*Input data*:
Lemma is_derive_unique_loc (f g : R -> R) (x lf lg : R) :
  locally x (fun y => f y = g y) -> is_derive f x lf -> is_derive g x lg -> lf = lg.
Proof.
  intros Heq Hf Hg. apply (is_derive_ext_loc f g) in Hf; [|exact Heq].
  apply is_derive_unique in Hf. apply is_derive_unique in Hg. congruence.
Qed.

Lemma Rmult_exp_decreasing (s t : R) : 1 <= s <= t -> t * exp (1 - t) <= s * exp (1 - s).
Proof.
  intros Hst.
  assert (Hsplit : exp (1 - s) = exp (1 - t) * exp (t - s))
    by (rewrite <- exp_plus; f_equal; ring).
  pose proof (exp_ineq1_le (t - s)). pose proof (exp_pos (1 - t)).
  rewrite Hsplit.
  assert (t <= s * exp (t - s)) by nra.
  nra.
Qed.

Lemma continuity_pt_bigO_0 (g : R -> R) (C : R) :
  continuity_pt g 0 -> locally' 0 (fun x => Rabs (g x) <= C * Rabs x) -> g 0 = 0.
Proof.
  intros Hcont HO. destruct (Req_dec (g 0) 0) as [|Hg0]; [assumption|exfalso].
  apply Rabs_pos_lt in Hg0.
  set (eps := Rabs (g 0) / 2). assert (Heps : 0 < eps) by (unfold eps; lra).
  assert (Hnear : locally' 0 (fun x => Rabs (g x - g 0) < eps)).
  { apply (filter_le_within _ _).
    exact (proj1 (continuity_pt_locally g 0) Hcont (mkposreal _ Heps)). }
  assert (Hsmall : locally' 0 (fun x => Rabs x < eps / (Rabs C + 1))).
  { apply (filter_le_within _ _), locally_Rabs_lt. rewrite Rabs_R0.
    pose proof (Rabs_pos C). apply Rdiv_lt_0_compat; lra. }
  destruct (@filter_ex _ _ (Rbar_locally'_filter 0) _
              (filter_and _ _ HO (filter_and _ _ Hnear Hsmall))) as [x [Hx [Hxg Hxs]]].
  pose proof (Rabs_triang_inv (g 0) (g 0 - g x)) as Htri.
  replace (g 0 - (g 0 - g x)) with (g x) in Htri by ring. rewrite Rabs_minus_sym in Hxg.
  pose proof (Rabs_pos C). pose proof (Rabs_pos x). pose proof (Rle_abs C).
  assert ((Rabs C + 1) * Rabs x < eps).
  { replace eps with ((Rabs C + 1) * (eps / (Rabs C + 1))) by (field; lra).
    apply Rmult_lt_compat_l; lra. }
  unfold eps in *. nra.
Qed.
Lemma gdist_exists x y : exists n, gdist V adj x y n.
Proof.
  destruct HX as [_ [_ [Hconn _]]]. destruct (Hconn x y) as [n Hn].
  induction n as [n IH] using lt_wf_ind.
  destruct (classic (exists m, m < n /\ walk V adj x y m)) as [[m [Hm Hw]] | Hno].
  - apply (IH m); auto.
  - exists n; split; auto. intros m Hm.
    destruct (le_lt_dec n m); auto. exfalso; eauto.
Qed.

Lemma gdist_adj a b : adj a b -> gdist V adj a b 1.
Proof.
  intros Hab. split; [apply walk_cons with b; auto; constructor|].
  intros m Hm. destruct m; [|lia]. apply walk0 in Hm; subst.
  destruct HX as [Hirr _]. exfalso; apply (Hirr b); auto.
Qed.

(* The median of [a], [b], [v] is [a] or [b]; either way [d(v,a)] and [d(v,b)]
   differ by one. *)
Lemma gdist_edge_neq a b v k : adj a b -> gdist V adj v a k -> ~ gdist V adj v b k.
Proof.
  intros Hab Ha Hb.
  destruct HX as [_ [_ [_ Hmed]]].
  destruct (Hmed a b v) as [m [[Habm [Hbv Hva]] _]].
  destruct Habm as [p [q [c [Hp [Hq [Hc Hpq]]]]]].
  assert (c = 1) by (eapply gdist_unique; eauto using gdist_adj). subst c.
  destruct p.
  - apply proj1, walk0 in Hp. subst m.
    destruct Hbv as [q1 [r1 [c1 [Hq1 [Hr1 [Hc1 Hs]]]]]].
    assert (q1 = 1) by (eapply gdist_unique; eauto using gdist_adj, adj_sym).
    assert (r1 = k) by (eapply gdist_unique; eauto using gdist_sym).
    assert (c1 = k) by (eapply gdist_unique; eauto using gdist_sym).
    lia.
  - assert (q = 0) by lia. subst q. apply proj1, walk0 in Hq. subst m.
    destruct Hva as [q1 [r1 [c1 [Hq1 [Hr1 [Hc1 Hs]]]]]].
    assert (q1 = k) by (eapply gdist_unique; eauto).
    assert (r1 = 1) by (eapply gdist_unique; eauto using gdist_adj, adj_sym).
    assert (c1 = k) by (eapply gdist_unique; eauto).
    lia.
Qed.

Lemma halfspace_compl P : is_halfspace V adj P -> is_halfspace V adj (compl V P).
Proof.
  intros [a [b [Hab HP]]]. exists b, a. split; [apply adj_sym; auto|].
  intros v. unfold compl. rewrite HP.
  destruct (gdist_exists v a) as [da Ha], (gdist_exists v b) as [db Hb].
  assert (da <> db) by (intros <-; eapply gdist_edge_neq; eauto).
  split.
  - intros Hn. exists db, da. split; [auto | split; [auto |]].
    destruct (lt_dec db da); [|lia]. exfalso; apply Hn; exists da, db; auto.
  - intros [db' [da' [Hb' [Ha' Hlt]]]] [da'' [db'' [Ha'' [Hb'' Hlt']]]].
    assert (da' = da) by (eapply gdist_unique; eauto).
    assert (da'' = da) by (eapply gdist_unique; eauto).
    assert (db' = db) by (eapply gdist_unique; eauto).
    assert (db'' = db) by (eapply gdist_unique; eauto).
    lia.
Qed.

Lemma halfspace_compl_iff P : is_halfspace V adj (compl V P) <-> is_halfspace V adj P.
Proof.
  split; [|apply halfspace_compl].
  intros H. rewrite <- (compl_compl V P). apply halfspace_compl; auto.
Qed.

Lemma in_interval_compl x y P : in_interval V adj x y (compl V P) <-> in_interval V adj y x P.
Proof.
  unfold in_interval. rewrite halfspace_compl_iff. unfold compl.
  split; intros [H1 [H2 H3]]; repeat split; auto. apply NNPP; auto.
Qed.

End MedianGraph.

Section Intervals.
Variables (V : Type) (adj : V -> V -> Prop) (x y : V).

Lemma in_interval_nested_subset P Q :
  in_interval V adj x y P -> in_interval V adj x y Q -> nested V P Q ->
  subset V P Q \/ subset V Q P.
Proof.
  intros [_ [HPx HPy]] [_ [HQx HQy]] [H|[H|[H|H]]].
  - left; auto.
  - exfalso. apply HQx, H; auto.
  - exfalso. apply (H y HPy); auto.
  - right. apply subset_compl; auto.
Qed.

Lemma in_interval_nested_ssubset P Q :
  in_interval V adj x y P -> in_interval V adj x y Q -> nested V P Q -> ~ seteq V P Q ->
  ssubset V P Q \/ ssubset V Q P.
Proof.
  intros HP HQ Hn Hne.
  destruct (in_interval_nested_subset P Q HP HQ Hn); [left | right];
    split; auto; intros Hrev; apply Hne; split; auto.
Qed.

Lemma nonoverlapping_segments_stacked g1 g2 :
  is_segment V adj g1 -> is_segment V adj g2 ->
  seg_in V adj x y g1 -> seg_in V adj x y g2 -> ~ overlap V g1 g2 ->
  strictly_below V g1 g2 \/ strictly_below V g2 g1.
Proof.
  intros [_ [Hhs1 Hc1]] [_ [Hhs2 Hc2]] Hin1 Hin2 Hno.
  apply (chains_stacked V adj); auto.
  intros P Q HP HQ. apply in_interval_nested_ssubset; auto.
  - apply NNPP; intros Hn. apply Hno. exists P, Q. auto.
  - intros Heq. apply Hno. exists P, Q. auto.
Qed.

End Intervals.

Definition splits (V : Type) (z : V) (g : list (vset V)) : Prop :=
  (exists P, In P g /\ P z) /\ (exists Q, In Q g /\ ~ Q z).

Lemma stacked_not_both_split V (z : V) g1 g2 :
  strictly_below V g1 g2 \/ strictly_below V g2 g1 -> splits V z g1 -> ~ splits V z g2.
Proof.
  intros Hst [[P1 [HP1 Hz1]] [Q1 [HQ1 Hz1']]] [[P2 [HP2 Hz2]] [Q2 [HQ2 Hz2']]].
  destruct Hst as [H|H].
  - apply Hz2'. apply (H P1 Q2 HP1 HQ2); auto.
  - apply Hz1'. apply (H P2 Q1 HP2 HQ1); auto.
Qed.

*What you are asked to do*: From the entries above, print the lines beginning at the one with "intros [_ [HPx" and stopping after the one with "seteq V P Q ->", exactly as written and with nothing else.

*Reply*:
  intros [_ [HPx HPy]] [_ [HQx HQy]] [H|[H|[H|H]]].
  - left; auto.
  - exfalso. apply HQx, H; auto.
  - exfalso. apply (H y HPy); auto.
  - right. apply subset_compl; auto.
Qed.

Lemma in_interval_nested_ssubset P Q :
  in_interval V adj x y P -> in_interval V adj x y Q -> nested V P Q -> ~ seteq V P Q ->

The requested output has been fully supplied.